As an example, let’s use a dataset describing the energy mix of each country in the world, in 2019. The dataset is normalized into percentages, which makes countries comparable with one another.
import prince
dataset = prince.datasets.load_energy_mix(year=2019, normalize=True)
dataset.head().style.format('{:.0%}')
coal | oil | gas | nuclear | hydro | wind | solar | other renewables | ||
---|---|---|---|---|---|---|---|---|---|
continent | country | ||||||||
Africa | Algeria | 1% | 35% | 64% | 0% | 0% | 0% | 0% | 0% |
South America | Argentina | 1% | 35% | 50% | 2% | 10% | 1% | 0% | 1% |
Oceania | Australia | 28% | 34% | 30% | 0% | 2% | 3% | 3% | 1% |
Europe | Austria | 9% | 37% | 22% | 0% | 25% | 4% | 1% | 3% |
Asia | Azerbaijan | 0% | 33% | 65% | 0% | 2% | 0% | 0% | 0% |
Fitting
The PCA
estimator implements the fit/transform
API from scikit-learn.
pca = prince.PCA(
n_components=3,
n_iter=3,
rescale_with_mean=True,
rescale_with_std=True,
copy=True,
check_input=True,
engine='sklearn',
random_state=42
)
pca = pca.fit(dataset)
The available parameters are:
n_components
— the number of components that are computed. You only need two if your intention is to visualize the two major components.n_iter
— the number of iterations used for computing the SVD.rescale_with_mean
— whether to substract each column’s meanrescale_with_std
— whether to divide each column by it’s standard deviationcopy
— ifFalse
then the computations will be done inplace which can have possible side-effects on the input dataengine
— what SVD engine to use (should be one of['fbpca', 'sklearn']
)random_state
— controls the randomness of the SVD results.
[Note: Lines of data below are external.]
Lemma Ppoly_walk_enum : Ppoly x = walk_poly set0 (enum 'I_n).
Proof.
rewrite /walk_poly walk_edgesE ?enum_uniq // -map_rev big_map.
have := big_rev_tuple 1 *%R (ord_tuple n)
  (fun j => 'X - (x (set0 :|: [set:: take (index j (enum 'I_n)) (enum 'I_n)]) j)%:P).
rewrite val_ord_tuple => ->; apply: eq_bigr => m _.
by rewrite tnth_ord_tuple set0U index_enum_ord -prefix_set_enum.
Qed.

End WalkPoly.

Section QnRelations.

Local Open Scope ring_scope.

Variables (k : fieldType) (n : nat) (R : algType k) (x : {set 'I_n} -> 'I_n -> R).
Hypothesis hx : Qn_rel x.
Implicit Types (B : {set 'I_n}) (s : seq 'I_n).

Lemma Qn_rel_diff B a b : a != b -> a \notin B -> b \notin B ->
  x (b |: B) a - x (a |: B) b = x B a - x B b.
Proof.
move=> ab aB bB; have [sum _] := hx ab aB bB.
by rewrite -(addrK (x B b) (x (b |: B) a)) -sum addrAC [x (a |: B) b + _]addrC addrK.
Qed.

Lemma walk_poly_swap B a b s : a != b -> a \notin B -> b \notin B ->
  walk_poly x B (a :: b :: s) = walk_poly x B (b :: a :: s).
Proof.
move=> ab aB bB; rewrite !walk_poly_cons setUCA -!mulrA; congr (_ * _).
by have [sum prod] := hx ab aB bB; apply: XsubC_mul_swap.
Qed.

Lemma walk_poly_rem B s a : uniq s -> [disjoint s & B] -> a \in s ->
  walk_poly x B s = walk_poly x B (a :: rem a s).
Proof.
elim: s B => [|b s IH] B //= /andP[bs us]; rewrite disjoint_cons => /andP[bB dis].
rewrite inE eq_sym; have [-> //|ab /= as_] := eqVneq b a.
have aB : a \notin B by rewrite (disjointFr dis as_).
rewrite walk_poly_cons (IH (b |: B)) ?disjoint_setU1 ?bs // -walk_poly_cons.
by rewrite walk_poly_swap // eq_sym.
Qed.

Lemma walk_poly_perm B s s' : uniq s -> [disjoint s & B] -> perm_eq s s' ->
  walk_poly x B s = walk_poly x B s'.
Proof.
elim: s B s' => [|a s IH] B s' /=; first by rewrite perm_sym => _ _ /perm_nilP ->.
move=> /andP[as_ us]; rewrite disjoint_cons => /andP[aB dis] ps.
have as' : a \in s' by rewrite -(perm_mem ps) mem_head.
have us' : uniq s' by rewrite -(perm_uniq ps) /= as_.
have dis' : [disjoint s' & B].
  by rewrite -(eq_disjoint (perm_mem ps)) disjoint_cons aB.
rewrite [RHS](walk_poly_rem us' dis' as') !walk_poly_cons; congr (_ * _).
apply: IH; rewrite ?disjoint_setU1 ?as_ //.
by rewrite -(perm_cons a) (perm_trans ps) ?perm_to_rem.
Qed.

End QnRelations.

Lemma complete_walk_sufficient (k : fieldType) n (Z : {set pr n}) s :
  walk (du_envelope k Z) set0 s -> perm_eq s (enum 'I_n) -> sufficient k Z.
Proof.
move=> w ps; have /andP[us dis] := walk_fresh w.
have sz : size (walk_edges set0 s) == n.
  by rewrite size_walk_edges (perm_size ps) size_enum_ord.
exists [set p in walk_edges set0 s]; split; [|split].
- by move=> p; rewrite inE => /(walk_edgesP w)[].
- by move=> p; rewrite inE => /(walk_edgesP w)[].
exists (tnth (Tuple sz)); split; first by move=> m; rewrite inE mem_tnth.
move=> R x hx; rewrite Ppoly_walk_enum -(walk_poly_perm hx us dis ps).
exact: (big_rev_tuple _ _ (Tuple sz)).
Qed.

Section Envelope.

Variables (k : fieldType) (n : nat) (Z : {set pr n}).
Implicit Types (B C V : {set 'I_n}) (s : seq 'I_n).
Local Notation E := (du_envelope k Z).

Lemma u_op_square B a b : a != b -> a \notin B -> b \notin B ->
  u_op k (B, a) (B, b) (b |: B, a).
Proof.
move=> ab aB bB; split.
- by rewrite /valid_pr /= !inE negb_or aB bB ab.
- by rewrite xpair_eqE (negbTE ab) andbF.
- by [].
move=> R x hx; have [_ prod] := hx B a b ab aB bB.
by rewrite /xp /= mulrBr -prod -mulrBl (Qn_rel_diff hx).
Qed.

Lemma d_op_square C a b : a != b -> a \notin C -> b \notin C ->
  d_op k (b |: C, a) (a |: C, b) (C, a).
Proof.
move=> ab aC bC; split.
- by rewrite /valid_pr /= !inE !negb_or aC bC ab eq_sym ab.
- by rewrite xpair_eqE (negbTE ab) andbF.
- by rewrite /= setUCA.
move=> R x hx; have [_ prod] := hx C a b ab aC bC.
by rewrite /xp /= mulrBl prod -mulrBr (Qn_rel_diff hx).
Qed.

Lemma envelope_up B a b : a != b -> a \notin B -> b \notin B ->
  E (B, a) -> E (B, b) -> E (b |: B, a).
Proof. by move=> ab aB bB Ea Eb; apply: env_u Ea Eb (u_op_square ab aB bB). Qed.

Lemma envelope_down C a b : a != b -> a \notin C -> b \notin C ->
  E (b |: C, a) -> E (a |: C, b) -> E (C, a).
Proof. by move=> ab aC bC Ea Eb; apply: env_d Ea Eb (d_op_square ab aC bC). Qed.

Lemma walk_shift_up V s l : walk E V s -> l \notin V -> l \notin s -> E (V, l) ->
  walk E (l |: V) s /\ E (V :|: [set:: s], l).
Proof.
elim: s V => [|a s IH] V /=; first by rewrite set_nil setU0.
move=> [aV Ea w] lV; rewrite inE negb_or => /andP[la ls] El.
have al : a != l by rewrite eq_sym.
have lV' : l \notin a |: V by rewrite !inE negb_or la.
have [w' Etop] := IH _ w lV' ls (envelope_up la lV aV El Ea).
split; last by rewrite setU_cons.
split; [by rewrite !inE negb_or al | exact: envelope_up | by rewrite setUCA].
Qed.

Lemma walk_shift_down V s l : walk E V s -> l \in V -> l \notin s ->
  E ((V :|: [set:: s]) :\ l, l) -> walk E (V :\ l) s /\ E (V :\ l, l).
Proof.
elim: s V => [|a s IH] V /=; first by rewrite set_nil setU0.
move=> [aV Ea w] lV; rewrite inE negb_or setU_cons => /andP[la ls] El.
have al : a != l by rewrite eq_sym.
have [w' Eal] := IH _ w (setU1r a lV) ls El.
have shift : (a |: V) :\ l = a |: (V :\ l).
  by apply/setP => y; rewrite !inE; have [->|] //= := eqVneq y a; rewrite al.
rewrite shift in w' Eal; rewrite -(setD1K lV) in aV Ea.
have aC : a \notin V :\ l by apply: contra aV; apply: setU1r.
have lC : l \notin V :\ l by rewrite setD11.
split; last exact: envelope_down Eal Ea.
by split => //; apply: envelope_down Ea Eal.
Qed.
Lemma incl_nz (j : I) (a : P j) (ha : a <> pzero (P j)) :
  incl P j a = Some (class_of (fam_single P j ha)).
Proof.
  unfold incl; destruct excluded_middle_informative; [contradiction|].
  f_equal; apply class_of_pointwise; reflexivity.
Qed.

Lemma incl_mul (j : I) (a b : P j) : incl P j (pmul (P j) a b) = cp_mul (incl P j a) (incl P j b).
Proof.
  pose proof (pax (P j)) as A.
  destruct (classic (a = pzero (P j))) as [->|ha].
  { rewrite (pa_mul0 A), incl_zero; reflexivity. }
  destruct (classic (b = pzero (P j))) as [->|hb].
  { rewrite (pa_mulC A), (pa_mul0 A), incl_zero, (cp_mulC (incl P j a)); reflexivity. }
  rewrite (incl_nz _ (pa_mul_neq0 A ha hb)), (incl_nz _ ha), (incl_nz _ hb), cp_mul_class.
  f_equal; apply class_of_pointwise; intro i; simpl.
  destruct (classic (j = i)) as [<-|hi].
  - rewrite !single_fun_at; reflexivity.
  - rewrite !single_fun_off by exact hi; symmetry; apply (pa_mul1 (pax (P i))).
Qed.

Lemma incl_one (j : I) : incl P j (pone (P j)) = cp_one P.
Proof.
  rewrite (incl_nz _ (pa_one_neq0 (pax (P j)))); unfold cp_one.
  f_equal; apply class_of_pointwise; intro i; simpl.
  destruct (classic (j = i)) as [<-|hi].
  - apply single_fun_at.
  - apply single_fun_off, hi.
Qed.
(* Let $\mathcal{H}$ be an unrestricted tree-to-tree Hennie machine with input alphabet $\Xi$ and $\mathcal{R}$ a bottom-up relabeler from $\Sigma$ to $\Xi$. One can effectively construct a uTHM $\mathcal{H}'$ with input alphabet $\Sigma$ such that $[\![\mathcal{H}']\!]=[\![\mathcal{H}]\!]\circ[\![\mathcal{R}]\!]$. Moreover, for every $L\subseteq T_\Sigma$, if $\mathcal{H}$ is bounded-visit on $[\![\mathcal{R}]\!](L)$, then $\mathcal{H}'$ is bounded-visit on $L$.
   Context: Trees: ranked alphabets are finite sets with a rank function to $\mathbb{N}$; $T_\Sigma$ is the set of finite ordered $\Sigma$-labeled trees where a node labeled $\sigma$ has $\mathrm{rank}(\sigma)$ children (nodes are words over positive integers, root $\varepsilon$, $i$-th child of $u$ is $ui$); $T_\Sigma[Y]$ allows extra rank-$0$ leaves labeled in $Y$. A bottom-up relabeler $\mathcal{R}$ from $\Sigma$ to $\Xi$ consists of a deterministic bottom-up tree automaton (finite states $P$, maps $\delta[\sigma]:P^{\mathrm{rank}\sigma}\to P$, extended to trees by $\delta[\sigma(t_1,..,t_k)]=\delta[\sigma](\delta[t_1],..,\delta[t_k])$) and a rank-preserving map $\rho:\Sigma\times P\to\Xi$; $[\![\mathcal{R}]\!](\sigma(t_1,..,t_k))=\rho(\sigma,\delta[\sigma(t_1,..,t_k)])([\![\mathcal{R}]\!](t_1),..,[\![\mathcal{R}]\!](t_k))$. Hennie machines: a uTHM is $(Q,M,\top,\Sigma,\Gamma,q_{init},\delta)$ with finite states $Q$, finite memory symbols $M\ni\top$, $q_{init}\in Q$, partial $\delta:Q\times\Sigma\times M\rightharpoonup T_\Gamma[Q\times M\times D]$, $D=\{\uparrow,1,..,\max\mathrm{rank}\Sigma\}$, leaves $(q',m',d)$ of $\delta(q,\sigma,m)$ having $d\in\{\uparrow,1,..,\mathrm{rank}\sigma\}$. Configurations on $t$ are $(u,q,\mu)$, $\mu:$ nodes$\to M$, initially $(\varepsilon,q_{init},\text{constant }\top)$; the step of $(u,q,\mu)$ is $\delta(q,\mathrm{lab}_t(u),\mu(u))$ with each leaf $(q',m',d)$ replaced by $(ud,q',\mu[u\mapsto m'])$ ($ud$ the parent if $d=\uparrow$, else the $d$-th child; undefined if nonexistent). Confluent rewriting of configuration leaves by steps from the initial configuration yields the output in $T_\Gamma$, if any. A branch-outputting run is $C_0,..,C_n$ with $C_0$ initial and $C_{i+1}$ a leaf label of the step of $C_i$. The machine is bounded-visit on $L$ if some $N$ bounds, for all $t\in L$, runs on $t$ and nodes $u$, the number of $i$ with $C_i$ positioned at $u$. *)

From mathcomp Require Import all_boot.
From Stdlib Require Import Relations.
From Stdlib Require List.
Lemma edge_ideal_colon (E : {set {set 'I_n}}) j p :
  @edge_ideal n K E ('X_j * p) <-> @edge_ideal n K (contract E j) p.
Proof.
rewrite !edge_idealP; split=> divp m.
  rewrite -(mcoeffMX p U_(j)) mulrC addmC => /divp /exists_inP[e eE].
  rewrite mnm_supportD1 -subDset => sub; apply/exists_inP.
  by exists (e :\ j) => //; apply: imset_f.
rewrite mulrC mcoeffMXE; case: ifP => [le_jm|]; last by rewrite eqxx.
move=> /divp /exists_inP[_ /imsetP[e eE ->]]; rewrite subDset -mnm_supportD1.
by rewrite submK // => sub; apply/exists_inP; exists e.
Qed.

Lemma edge_ideal_addX (E : {set {set 'I_n}}) j p :
  (exists r s, @edge_ideal n K E r /\ p = r + s * 'X_j) <->
  @edge_ideal n K (E :|: [set [set j]]) p.
Proof.
split=> [[r [s [/edge_idealP Ir ->]]]|[q ->]].
  apply/edge_idealP => m; rewrite mcoeffD.
  have [/eqP rm0|/Ir] := boolP (r@_m == 0); last first.
    by case/exists_inP=> e eE sub _; apply/exists_inP; exists e; rewrite ?inE ?eE.
  rewrite rm0 add0r mcoeffMXE lep1mP; case: ifP => [mj _|]; last by rewrite eqxx.
  by apply/exists_inP; exists [set j]; rewrite ?inE ?eqxx ?orbT // sub1set inE mj.
have [i0 [iD iM]] := edge_ideal_is_ideal E.
apply: (big_ind (fun x => exists r s, @edge_ideal n K E r /\ x = r + s * 'X_j)).
- by exists 0, 0; rewrite mul0r addr0.
- move=> _ _ [r1 [s1 [I1 ->]]] [r2 [s2 [I2 ->]]].
  by exists (r1 + r2), (s1 + s2); rewrite mulrDl addrACA; split; first exact: iD.
move=> e; rewrite in_setU in_set1 => /orP[eE|/eqP ->].
  exists (q e * \prod_(i in e) 'X_i), 0; rewrite mul0r addr0; split=> //.
  exists (fun f => if f == e then q e else 0).
  rewrite (bigD1 e) //= eqxx [X in _ + X]big1 ?addr0 // => f /andP[_ /negbTE ->].
  by rewrite mul0r.
by exists 0, (q [set j]); rewrite big_set1 add0r.
Qed.

End MonomialIdeals.

Section PrimeFiltrations.
Variables (n : nat) (K : fieldType).
Local Notation S := {mpoly K[n]}.
Implicit Types (I : S -> Prop) (J : nat -> S -> Prop).

Lemma fdepth_ge_ext I I' k :
  (forall p, I p <-> I' p) -> fdepth_ge I k -> fdepth_ge I' k.
Proof. by move=> II' [m [J [J0 filt]]]; exists m, J; split=> // p; rewrite J0 II'. Qed.

Lemma fdepth_ge_weaken I k k' : (k <= k')%N -> fdepth_ge I k' -> fdepth_ge I k.
Proof.
move=> le_kk' [m [J [J0 [Jm [Jid [Jinc Jstep]]]]]]; exists m, J; do 4! split=> //.
by move=> i /Jstep [Q [a [step dimQ]]]; exists Q, a; split; last exact: leq_trans dimQ.
Qed.
(* Let $1\le M\le N$, let $\mathbf{H}$ be a complex $N\times M$ matrix of full column rank, and let $\mathbf{H}^{-\mathtt{H}}=\mathbf{H}(\mathbf{H}^{\mathtt{H}}\mathbf{H})^{-1}$. Let $\mathbf{B}=[\mathbf{b}_1,\dots,\mathbf{b}_M]=\mathbf{H}^{-\mathtt{H}}\mathbf{U}$, with $\mathbf{U}$ an $M\times M$ unimodular matrix over $\mathbb{Z}[i]$, be an LLL-reduced basis of the lattice generated by $\mathbf{H}^{-\mathtt{H}}$, let $\delta$ be its orthogonality defect, and write $\mathbf{B}^{-\mathtt{H}}=\mathbf{B}(\mathbf{B}^{\mathtt{H}}\mathbf{B})^{-1}=[\mathbf{a}_1,\dots,\mathbf{a}_M]$. Suppose $\mathbf{y}=\mathbf{H}\mathbf{x}+\mathbf{w}$ with $\mathbf{x}\in\mathbb{Z}[i]^M$ and $\mathbf{w}\in\mathbb{C}^N$. If $$\|\mathbf{w}\|<\frac{\min\{\|\mathbf{a}_1\|,\dots,\|\mathbf{a}_M\|\}}{2\sqrt{M\delta}},$$ then the LLL-aided (type I) decoder correctly decodes, i.e. $\widehat{\mathbf{x}}=\mathbf{x}$.
   Context: $(\cdot)^{\mathtt{H}}$ is the conjugate transpose; $\mathbb{Z}[i]$ is the ring of Gaussian integers; a unimodular matrix is a matrix with entries in $\mathbb{Z}[i]$ whose inverse also has entries in $\mathbb{Z}[i]$. The lattice generated by an $N\times M$ matrix $\mathbf{G}$ of full column rank is $\{\mathbf{G}\mathbf{z}:\mathbf{z}\in\mathbb{Z}[i]^M\}$. The orthogonality defect of $\mathbf{B}=[\mathbf{b}_1,\dots,\mathbf{b}_M]$ is $\delta=\|\mathbf{b}_1\|^2\cdots\|\mathbf{b}_M\|^2/\det(\mathbf{B}^{\mathtt{H}}\mathbf{B})$. A basis is LLL-reduced in the sense of the Lenstra–Lenstra–Lovász reduction (extended to complex lattices over $\mathbb{Z}[i]$): with Gram–Schmidt vectors $\mathbf{b}_k^*$ and coefficients $\mu_{k,j}=\langle\mathbf{b}_k,\mathbf{b}_j^*\rangle/\|\mathbf{b}_j^*\|^2$, one has $|\mathrm{Re}\,\mu_{k,j}|,|\mathrm{Im}\,\mu_{k,j}|\le 1/2$ for $j<k$ and $\|\mathbf{b}_k^*\|^2\ge(3/4-|\mu_{k,k-1}|^2)\|\mathbf{b}_{k-1}^*\|^2$. The LLL-aided (type I) decoder computes $\tilde{\mathbf{x}}$ as the closest point of $\mathbb{Z}[i]^M$ to $\mathbf{B}^{\mathtt{H}}\mathbf{y}$ (componentwise rounding of real and imaginary parts) and outputs $\widehat{\mathbf{x}}=\mathbf{U}^{-\mathtt{H}}\tilde{\mathbf{x}}$. *)

From HB Require Import structures.
From mathcomp Require Import all_boot all_order all_algebra.
From mathcomp Require Import reals.
From mathcomp Require Import complex.
Set Implicit Arguments. Unset Strict Implicit. Unset Printing Implicit Defensive.
Import Order.TTheory GRing.Theory Num.Theory.
Local Open Scope ring_scope.
Local Open Scope complex_scope.

Section Defs.
Variable R : realType.
Local Notation C := R[i].

Definition gaussian (z : C) : bool :=
  ((complex.Re z : R) \is a Num.int) && ((complex.Im z : R) \is a Num.int).
Definition gauss_mx m n (A : 'M[C]_(m, n)) : Prop :=
  forall i j, gaussian (A i j).

Definition ctmx m n (A : 'M[C]_(m, n)) : 'M[C]_(n, m) := (map_mx (@conjc R) A)^T.

Definition unimodular n (U : 'M[C]_n) : Prop :=
  gauss_mx U /\ U \in unitmx /\ gauss_mx (invmx U).

Definition pinvH m n (A : 'M[C]_(m, n)) : 'M[C]_(m, n) := A *m invmx (ctmx A *m A).

Definition cdot n (u v : 'cV[C]_n) : C := \sum_i u i 0 * (v i 0)^*.
Definition sqnorm n (v : 'cV[C]_n) : R := \sum_i (complex.Re (v i 0) ^+ 2 + complex.Im (v i 0) ^+ 2).
Definition vnorm n (v : 'cV[C]_n) : R := Num.sqrt (sqnorm v).

Definition gs_step n (acc : seq 'cV[C]_n) (b : 'cV[C]_n) : seq 'cV[C]_n :=
  rcons acc (b - \sum_(v <- acc) (cdot b v / cdot v v) *: v).
Definition gram_schmidt n (bs : seq 'cV[C]_n) : seq 'cV[C]_n := foldl (@gs_step n) [::] bs.

Definition gs_vec n m (B : 'M[C]_(n, m)) (k : nat) : 'cV[C]_n :=
  nth 0 (gram_schmidt [seq col j B | j <- enum 'I_m]) k.

Definition gs_mu n m (B : 'M[C]_(n, m)) (k j : 'I_m) : C :=
  cdot (col k B) (gs_vec B j) / cdot (gs_vec B j) (gs_vec B j).

Definition cabs2 (z : C) : R := complex.Re z ^+ 2 + complex.Im z ^+ 2.

Definition LLL_reduced n m (B : 'M[C]_(n, m)) : Prop :=
  (forall k j : 'I_m, (j < k)%N ->
      `|complex.Re (gs_mu B k j)| <= 1/2 /\ `|complex.Im (gs_mu B k j)| <= 1/2) /\
  (forall (k j : 'I_m), nat_of_ord k = j.+1 ->
      sqnorm (gs_vec B k) >= (3/4 - cabs2 (gs_mu B k j)) * sqnorm (gs_vec B j)).

(* orthogonality defect ||b_1||^2...||b_M||^2 / det(B^H B); the determinant
   of the Gram matrix is real (positive), we take its real part. *)
Definition orth_defect n m (B : 'M[C]_(n, m)) : R :=
  (\prod_(j < m) sqnorm (col j B)) / complex.Re (\det (ctmx B *m B)).

Definition round_r (x : R) : R := (Num.floor (x + 1/2))%:~R.
Definition round_c (z : C) : C := round_r (complex.Re z) +i* round_r (complex.Im z).

Definition lll_decode n m (B : 'M[C]_(n, m)) (U : 'M[C]_m) (y : 'cV[C]_n) : 'cV[C]_m :=
  invmx (ctmx U) *m \col_i round_c ((ctmx B *m y) i 0).

Definition min_col_norm n m (A : 'M[C]_(n, m)) : R :=
  let s := [seq vnorm (col j A) | j <- enum 'I_m] in
  \big[Num.min/head 0 s]_(v <- s) v.

End Defs.

(* Write B^H y = U^H x + B^H w.  The vector U^H x has Gaussian integer entries,
   so componentwise rounding returns it as soon as |<w, b_k>|^2 < 1/4 for every k,
   and U^{-H} then recovers x.  By Cauchy-Schwarz |<w, b_k>|^2 <= |b_k|^2 |w|^2.
   Since |a_k|^2 = ((B^H B)^{-1})_kk is the ratio of the Gram determinant of the
   other columns to det (B^H B), Hadamard's inequality gives
   |b_k|^2 |a_k|^2 <= delta, and the noise bound yields
   |b_k|^2 |w|^2 < |b_k|^2 |a_k|^2 / (4 M delta) <= 1/4. *)

From HB Require Import structures.
From mathcomp Require Import all_boot all_order all_algebra.
From mathcomp Require Import reals complex.
From mathcomp Require Import ring lra.
Set Implicit Arguments.
Unset Strict Implicit.
Unset Printing Implicit Defensive.
Import Order.TTheory GRing.Theory Num.Theory.
Local Open Scope complex_scope.
Local Open Scope ring_scope.

Section LLLDecoding.
Variable R : realType.
Local Notation C := R[i].
Local Notation gram A := (ctmx A *m A).

Lemma ctmxE m n (A : 'M[C]_(m, n)) i j : ctmx A i j = (A j i)^*.
Proof. by rewrite !mxE. Qed.

Lemma ctmx_mul m n p (A : 'M[C]_(m, n)) (B : 'M[C]_(n, p)) :
  ctmx (A *m B) = ctmx B *m ctmx A.
Proof. by rewrite /ctmx map_mxM trmx_mul. Qed.

Lemma ctmxK m n (A : 'M[C]_(m, n)) : ctmx (ctmx A) = A.
Proof. by apply/matrixP=> i j; rewrite !mxE conjcK. Qed.

Lemma ctmx0 m n : ctmx (0 : 'M[C]_(m, n)) = 0.
Proof. by rewrite /ctmx map_mx0 trmx0. Qed.

Lemma ctmxB m n (A B : 'M[C]_(m, n)) : ctmx (A - B) = ctmx A - ctmx B.
Proof. by apply/matrixP=> i j; rewrite !mxE rmorphB. Qed.

Lemma ctmxZ m n a (A : 'M[C]_(m, n)) : ctmx (a *: A) = a^* *: ctmx A.
Proof. by apply/matrixP=> i j; rewrite !mxE rmorphM. Qed.

Lemma ctmx_row_mx m n1 n2 (A : 'M[C]_(m, n1)) (B : 'M[C]_(m, n2)) :
  ctmx (row_mx A B) = col_mx (ctmx A) (ctmx B).
Proof. by rewrite /ctmx map_row_mx tr_row_mx. Qed.

Lemma ctmx_inv n (A : 'M[C]_n) : ctmx (invmx A) = invmx (ctmx A).
Proof. by rewrite /ctmx map_invmx trmx_inv. Qed.

Lemma ctmx_unitmx n (A : 'M[C]_n) : (ctmx A \in unitmx) = (A \in unitmx).
Proof. by rewrite !unitmxE /ctmx det_tr det_map_mx !unitfE conjc_eq0. Qed.

Lemma mulJc (z : C) : z^* * z = (cabs2 z)%:C.
Proof. by case: z => a b; rewrite /cabs2 /=; congr Complex; ring. Qed.

Lemma cabs2_ge0 (z : C) : 0 <= cabs2 z.
Proof. by rewrite addr_ge0 // sqr_ge0. Qed.

Lemma sqnorm_ge0 n (v : 'cV[C]_n) : 0 <= sqnorm v.
Proof. by apply: sumr_ge0 => i _; apply: cabs2_ge0. Qed.

Lemma gram_colE m n (B : 'M[C]_(m, n)) j k :
  gram B j k = (ctmx (col j B) *m col k B) 0 0.
Proof. by rewrite !mxE; apply: eq_bigr => i _; rewrite !mxE. Qed.

Lemma sqnormE n (v : 'cV[C]_n) : (sqnorm v)%:C = gram v 0 0.
Proof.
rewrite mxE rmorph_sum; apply: eq_bigr => i _.
by rewrite ctmxE mulJc.
Qed.

Lemma gram_diag m n (B : 'M[C]_(m, n)) j : gram B j j = (sqnorm (col j B))%:C.
Proof. by rewrite gram_colE sqnormE. Qed.

Lemma gram_diag_ge0 m n (B : 'M[C]_(m, n)) j : 0 <= gram B j j.
Proof. by rewrite gram_diag ler0c sqnorm_ge0. Qed.

Lemma gram_eq0 n (v : 'cV[C]_n) : gram v 0 0 = 0 -> v = 0.
Proof.
have ge0 k : 0 <= ctmx v 0 k * v k 0 by rewrite ctmxE mulJc ler0c cabs2_ge0.
rewrite mxE => /psumr_eq0P v0; apply/matrixP => i j; rewrite (ord1 j) mxE.
have /eqP := v0 (fun k _ => ge0 k) i isT.
by rewrite ctmxE mulf_eq0 conjc_eq0 orbb => /eqP.
Qed.

(* Projects the columns of B onto the orthogonal complement of b, so that its
   Gram matrix is the Schur complement of gram b in gram (row_mx b B). *)
Definition orth_compl N n (b : 'cV[C]_N) (B : 'M[C]_(N, n)) : 'M[C]_(N, n) :=
  B - (gram b 0 0)^-1 *: (b *m (ctmx b *m B)).

Lemma gram_orth_compl N n (b : 'cV[C]_N) (B : 'M[C]_(N, n)) : gram b 0 0 != 0 ->
  gram (orth_compl b B) = gram B - (gram b 0 0)^-1 *: (ctmx B *m b *m (ctmx b *m B)).
Proof.
set a := gram b 0 0 => a0.
have Ja : (a^-1)^* = a^-1 by rewrite geC0_conj // invr_ge0 gram_diag_ge0.
have ba : gram b = a%:M by rewrite {1}[gram b]mx11_scalar.
rewrite /orth_compl -/a ctmxB ctmxZ !ctmx_mul ctmxK Ja.
rewrite mulmxBl !mulmxBr -!scalemxAl -!scalemxAr !scalerA !mulmxA.
rewrite -[ctmx B *m b *m ctmx b *m b]mulmxA ba mul_mx_scalar -!scalemxAl scalerA.
by rewrite -mulrA mulVf // mulr1 subrr subr0.
Qed.

Lemma gram_orth_compl_diag N n (b : 'cV[C]_N) (B : 'M[C]_(N, n)) j :
  gram b 0 0 != 0 ->
  gram (orth_compl b B) j j = gram B j j - (gram b 0 0)^-1 * (cabs2 ((ctmx b *m B) 0 j))%:C.
Proof.
move=> a0; rewrite gram_orth_compl // mxE [X in _ + X]mxE [X in _ - X]mxE.
by congr (_ - _ * _); rewrite mxE big_ord1 -[ctmx B *m b]ctmxK ctmx_mul ctmxK ctmxE mulJc.
Qed.

Lemma gram_orth_compl_diag_le N n (b : 'cV[C]_N) (B : 'M[C]_(N, n)) j :
  gram b 0 0 != 0 -> gram (orth_compl b B) j j <= gram B j j.
Proof.
move=> a0; rewrite gram_orth_compl_diag // gerDl oppr_le0.
by rewrite mulr_ge0 ?invr_ge0 ?gram_diag_ge0 ?ler0c ?cabs2_ge0.
Qed.

Lemma det_gram_row_mx N n (b : 'cV[C]_N) (B : 'M[C]_(N, n)) : gram b 0 0 != 0 ->
  \det (gram (row_mx b B)) = gram b 0 0 * \det (gram (orth_compl b B)).
Proof.
set a := gram b 0 0 => a0.
pose L : 'M[C]_(1 + n) := block_mx 1%:M 0 (- a^-1 *: (ctmx B *m b)) 1%:M.
have detL : \det L = 1 by rewrite det_lblock !det1 mulr1.
have ba : gram b = a%:M by rewrite {1}[gram b]mx11_scalar.
rewrite -[LHS]mul1r -detL -det_mulmx ctmx_row_mx mul_col_row mulmx_block.
rewrite !mul1mx !mul0mx !addr0 ba mul_mx_scalar scalerA mulrN mulfV //.
rewrite scaleN1r addNr -scalemxAl scaleNr addrC -gram_orth_compl //.
by rewrite det_ublock det_scalar1.
Qed.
These methods are common to other Prince estimators.
Eigenvalues
The importance of a principal component is indicated by the proportion of dataset inertia it explains. This is called the explained inertia, and is obtained by dividing the eigenvalues obtained with SVD by the total inertia.
The ideal situation is when a large share of inertia is explained by a low number of principal components.
pca.eigenvalues_summary
eigenvalue | % of variance | % of variance (cumulative) | |
---|---|---|---|
component | |||
0 | 1.963 | 24.54% | 24.54% |
1 | 1.561 | 19.51% | 44.05% |
2 | 1.403 | 17.54% | 61.59% |
In this dataset, the first three components explain ~62% of the dataset inertia. This isn’t great, but isn’t bad either.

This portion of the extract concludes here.